Pi is assigned the value 3.141592654 etc. but for the sake of
convenience can be stated as being 3.1416 bringing it to four
places of decimals. If we start from the point of calculating the
area of a circle we would use the formula pi x r2 .
But, if we take the said circle and place it in a square so that
the circle touches each side of the square without cutting it, we
can calculate the area of both square and circle and then compare
one area with the other to find the circle to square ratio. This
happens to be 0.7854:1. The area of the circle can now be
calculated by using the formula 0.7854 x d2 , where d
is the diameter of the circle. This proportion is one quarter of
Pi or pi/4. We now have the first occulted pie.
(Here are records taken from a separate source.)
Lemma lnb_cword p q w : (0 < p)%N -> w \in valley_words q ->
  lnb br (map A (cword p w)) =
  signw w (foldl br (lnb br (map A (iota 1 p))) (map (A \o addn p) w)).
Proof.
move=> p_gt0 vw; have size_cat_gt1 : (1 < size (iota 1 p ++ map (addn p) w))%N.
  rewrite size_cat size_map (perm_size (valley_words_perm vw)) !size_iota.
  by case: q vw => // q _; rewrite addnS ltnS ltn_addr.
rewrite /cword /signw; case: odd; rewrite ?lnb_swap2 //;
  by rewrite map_cat lnb_cat ?size_map ?size_iota // -map_comp.
Qed.

Lemma sum_Cwords p q : (0 < p)%N -> (0 < q)%N ->
  \sum_(u <- Cwords p q) lnb br (map A u) =
  br (lnb br (map A (iota 1 p))) (lnb br (map (A \o addn p) (iota 1 q))).
Proof.
move=> p_gt0 q_gt0; rewrite big_map (eq_big_seq _ (fun w => lnb_cword p_gt0)).
by rewrite (br_lnb_valley Lbr) // map_comp.
Qed.

End BracketSums.

Lemma sum_Twords (L : zmodType) (br : L -> L -> L) (A : nat -> L) k l :
  lie_ring br -> (0 < k)%N -> (0 < l)%N ->
  (\sum_(u <- Twords k l) lnb br (map A u) = 0)%R.
Proof.
move=> Lbr k_gt0 l_gt0; rewrite big_cat big_map /= !sum_Cwords //.
under eq_bigr => u _ do rewrite -map_comp.
rewrite sum_Cwords // (map_comp A (Phi k l \o addn l)) Phi_iota_high.
rewrite (map_comp A (Phi k l)) Phi_iota_low -map_comp.
by rewrite [X in (_ + X)%R](lie_anti Lbr) addrN.
Qed.

Lemma sum_Tnwords (L : zmodType) (br : L -> L -> L) (A : nat -> L) k l n :
  lie_ring br -> (0 < k)%N -> (0 < l)%N ->
  (\sum_(u <- Tnwords k l n) lnb br (map A u) = 0)%R.
Proof.
move=> Lbr k_gt0 l_gt0; pose tail := iota (k + l).+1 (n - (k + l)).
have lnb_ext u : u \in Twords k l ->
    lnb br (map A (u ++ tail)) = foldl br (lnb br (map A u)) (map A tail).
  move=> /Twords_perm/perm_size; rewrite size_iota map_cat => size_u.
  by rewrite lnb_cat // size_map size_u addn_gt0 k_gt0.
by rewrite big_map (eq_big_seq _ lnb_ext) -foldl_br_sum // sum_Twords // foldl_br0.
Qed.

Lemma perm_Tset_Tnwords k l n : 0 < k -> 0 < l -> k + l <= n ->
  perm_eq [seq word s | s : 'S_n <- enum (Tset k l n)] (Tnwords k l n).
Proof.
move=> k_gt0 l_gt0 le_n; apply: uniq_perm; last 1 first.
- move=> u; apply/mapP/idP => [[s] | Tu].
    by rewrite mem_enum Tset_Tnwords // => Ts ->.
  have [s su] := word_perm_surj (Tnwords_perm le_n Tu).
  by exists s; rewrite // mem_enum Tset_Tnwords // su.
- by rewrite (map_inj_uniq (@word_perm_inj n)) enum_uniq.
- exact: uniq_Tnwords.
Qed.

Theorem theorem1 (k l n : nat) :
  1 <= k -> 1 <= l -> k + l <= n -> jacobi (Tset k l n).
Proof.
move=> k_gt0 l_gt0 le_n L br Lbr a.
pose A (j : nat) : L := if insub j.-1 is Some i then a i else 0%R.
have map_A (s : 'S_n) : [seq a (s i) | i <- enum 'I_n] = map A (word s).
  rewrite /word -map_comp; apply: eq_map => i /=.
  by rewrite /A /=; case: insubP => [j _ /val_inj-> | ]; rewrite ?ltn_ord.
under eq_bigr => s _ do rewrite map_A.
rewrite -big_enum -(big_map (fun s : 'S_n => word s) predT (fun u => lnb br (map A u))).
by rewrite (perm_big _ (perm_Tset_Tnwords k_gt0 l_gt0 le_n)) sum_Tnwords.
Qed.
(* A cancelled removal of a -> b means that b has no other in-edge and there are already
   x initial vertices, or that a has no other out-edge and there are already y terminal
   vertices.  In a final graph, charging each edge to its head in the first case and to
   its tail in the second is injective into the non-initial, resp. non-terminal,
   vertices, of which there are n - x, resp. n - y, once any edge is charged that way.
   Since x + y < n, some vertex c is neither initial nor terminal; either c is an
   uncharged non-initial vertex, or it is the head of a charged edge u -> c whose tail
   u < c is an uncharged non-terminal vertex, and symmetrically on the out-side with
   some z > c.  So two slots stay unused and |E| <= 2n - x - y - 2.  The bound is
   attained by the edges 1 -> v for x < v < n and v -> n for 1 < v <= n - y. *)

Section InitialTerminal.
Variable n : nat.
Implicit Types (E F : graph n) (a b : 'I_n).

Definition initials E := [set v | is_initial E v].
Definition terminals E := [set v | is_terminal E v].

Definition sole_in_edge E a b := [forall u, ((u, b) \in E) ==> (u == a)].
Definition sole_out_edge E a b := [forall w, ((a, w) \in E) ==> (w == b)].

Lemma sub_initials E F : F \subset E -> initials E \subset initials F.
Proof.
move=> sFE; apply/subsetP => v; rewrite !inE => /forallP nE.
by apply/forallP => u; apply: contra (nE u); apply: (subsetP sFE).
Qed.
(* Let $R$ be a ring and $K\subseteq R$ a subring (containing $1$) which is a (not necessarily commutative) field, and suppose that the projective line $\mathbb{P}(R)$ is disconnected. Then the generalized chain geometry $\Sigma(K,R)$ admits an automorphism which is not induced by any semilinear bijection of $R^2$.
   Context: $R$ is an associative ring with unit element $1$; $\mathrm{GL}_2(R)$ is the group of invertible $2\times2$ matrices over $R$. A pair $(a,b)\in R^2$ is admissible if it is the first row of some matrix in $\mathrm{GL}_2(R)$. The projective line $\mathbb{P}(R)$ is the set of all cyclic submodules $R(a,b)$ of the left $R$-module $R^2$ with $(a,b)$ admissible; $\mathrm{GL}_2(R)$ acts on it by $R(a,b)\mapsto R((a,b)G)$. Two points $R(a,b)$, $R(c,d)$ are distant iff $\begin{pmatrix}a&b\\c&d\end{pmatrix}\in\mathrm{GL}_2(R)$; $\mathbb{P}(R)$ is disconnected if the graph on $\mathbb{P}(R)$ whose edges are the pairs of distant points has more than one connected component. For a subfield $K$ of $R$, the standard $K$-chain is $\{R(k,l):(k,l)\in K^2\setminus\{(0,0)\}\}\subseteq\mathbb{P}(R)$, and the $K$-chains are its images under $\mathrm{GL}_2(R)$; $\Sigma(K,R)$ is the incidence structure (point set $\mathbb{P}(R)$, blocks the $K$-chains), and an automorphism of it is a bijection of $\mathbb{P}(R)$ which maps the set of $K$-chains onto itself. A semilinear bijection of $R^2$ is a bijective additive map $f:R^2\to R^2$ for which there is a ring automorphism $\zeta$ of $R$ with $f(rv)=r^\zeta f(v)$ for all $r\in R$, $v\in R^2$; a bijection $\gamma$ of $\mathbb{P}(R)$ is induced by $f$ if $p^\gamma=f(p)$ for all $p\in\mathbb{P}(R)$. *)

From HB Require Import structures.
From mathcomp Require Import all_boot all_order all_algebra.
From Stdlib Require Import Relations.
Set Implicit Arguments. Unset Strict Implicit. Unset Printing Implicit Defensive.
Import GRing.Theory.
Local Open Scope ring_scope.
(* In the single-item all-pay auction with budgets described in the context, in a Nash equilibrium $(F_1,F_2)$, if $\underline{x}_1<\overline{x}_1$ and $\underline{x}_2<\overline{x}_2$, then $\underline{x}_1=\underline{x}_2=0$.
   Context: Single-item all-pay auction with budgets. There are two players $i\in\{1,2\}$; $-i$ denotes the opponent of $i$. Player $i$ has budget $B_i\ge 0$ and valuation $v_i>0$ for a single item. A pure strategy of player $i$ is a bid $x_i\in[0,B_i]$; a mixed strategy is a probability distribution on $[0,B_i]$, described by its cumulative distribution function $F_i$. The player with the higher bid wins the item. Tie-breaking: if $x_1=x_2=\min\{B_1,B_2,v_1,v_2\}$ and $\min\{B_i,v_i\}>\min\{B_{-i},v_{-i}\}$ for some $i$, then player $i$ wins; in all other ties each player wins with probability $\frac12$. Player $i$'s utility is $v_i-x_i$ if he wins and $-x_i$ if he loses. A Nash equilibrium is a pair $(F_1,F_2)$ such that each $F_i$ maximizes player $i$'s expected utility against $F_{-i}$ over all mixed strategies on $[0,B_i]$. $Supp(F_i)$ is the support of $F_i$, $\overline{x}_i=\sup Supp(F_i)$ and $\underline{x}_i=\inf Supp(F_i)$. *)

From HB Require Import structures.
From mathcomp Require Import all_boot all_order all_algebra.
From mathcomp Require Import all_classical all_reals all_analysis.
Set Implicit Arguments. Unset Strict Implicit. Unset Printing Implicit Defensive.
Import Order.TTheory GRing.Theory Num.Theory.
Import numFieldNormedType.Exports.
Local Open Scope classical_set_scope.
Local Open Scope ring_scope.

Section AllPay.
Variable R : realType.

(* Probability that the player with own budget/valuation (B, v) wins the item
   when bidding x against an opponent with budget/valuation (B', v') who bids y,
   according to the tie-breaking rule of the paper. *)
Definition win_prob (B v B' v' x y : R) : R :=
  if y < x then 1
  else if x < y then 0
  else
    let m := Num.min (Num.min B B') (Num.min v v') in
    if (x == m) && (Num.min B' v' < Num.min B v) then 1
    else if (x == m) && (Num.min B v < Num.min B' v') then 0
    else 2^-1.

Definition payoff (B v B' v' x y : R) : R := v * win_prob B v B' v' x y - x.

Definition strategy_on (B : R) (mu : probability R R) : Prop :=
  mu `[0, B]%classic = 1%E.

Definition exp_util (B v B' v' : R) (mu nu : probability R R) : \bar R :=
  (\int[mu]_x \int[nu]_y (payoff B v B' v' x y)%:E)%E.

Definition nash_eq (B1 v1 B2 v2 : R) (mu1 mu2 : probability R R) : Prop :=
  [/\ strategy_on B1 mu1, strategy_on B2 mu2,
      (forall mu, strategy_on B1 mu ->
          (exp_util B1 v1 B2 v2 mu mu2 <= exp_util B1 v1 B2 v2 mu1 mu2)%E)
    & (forall mu, strategy_on B2 mu ->
          (exp_util B2 v2 B1 v1 mu mu1 <= exp_util B2 v2 B1 v1 mu2 mu1)%E)].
From here we can move on to calculating the volume of a sphere.
By using the same method as before but instead of a circle in a
square we can now place a sphere in a box and work it out from
there. The volume of a sphere is calculated by using the formula
(4/3)pi x r3 and the volume of the box is length times
height times depth. By comparing the results we come up with a
ratio of 0.5236:1 which means that we can now use the formula for
finding the volume of a sphere as d3 x 0.5236. This
proportion just happens to be one-sixth of pi or pi/6. This is
the second occulted pie.
We now turn to the surface area of a sphere. The surface area of
a sphere is given by the formula 4pi x r2 and the
surface area of the box is arrived at by squaring one side and
multiplying by 6. When this is done the proportionality is found
to be 0.5236:1. Therefore it follows that the surface area of a
sphere can be found by using 6d2 x 0.5236.
Does anyone else have a recipe for some other kind of numerical
dish that I can add to my cook book?
Arthur Pickford
Try the golden ratio. Its far more interesting. I think its
1.618 to some places.
Should be (1+sqrt5)/2
Try solving n2 - n - 1
Just a generalisation on Arthur's results of the relationship
between the volume of a circle/sphere and a box, for higher
dimensions:
In an n-D space the hyper-sphere is defined as the locus of all
points with the same Euclidean distance from the centre. A box
has volume (2r)n .
| Dimension | Hyper volume of Sphere/Hyper Volume of box | Hyper Surface Area of Sphere/Hyper Surface Area of Box |
| 1 | 1 | 1 |
| 2 | pi/4 | pi /4 |
| 3 | pi /6 | pi /6 |
| 4 | pi^2/32 | pi^2/32 |
| 5 | pi^2/60 | pi^2/60 |
| 6 | pi^3/384 | pi^3/384 |
| 7 | pi^3/840 | pi^3/840 |
| 8 | 35pi^4/65536 | 35pi^4/65536 |
| 9 | pi^4/1260 | pi^4/1260 |
| 10 | 63pi^5/524288 | 63pi^5/524288 |
I know we're all supposed to be very sophisticated and
everything, but what a load of rubbish N-d space is. It is fine
in my opinion to have n variables in equations and things, but
you can't very well draw a graph of them can you is n is bigger
than 3. You have to draw a graph of three of them when one is
fixed.
I'm sorry if I've ignored anything (I have no knowledge (or
interest) in N> 3 dimensional space) but it really is no
good.
Please RSVP and tell me how wrong I am
Neil M
Neil...
General relativity: 4-D spacetime.
String Theory: 11-D or 26-D spacetime.
Quantum Mechanics: Infinite dimensional vector spaces.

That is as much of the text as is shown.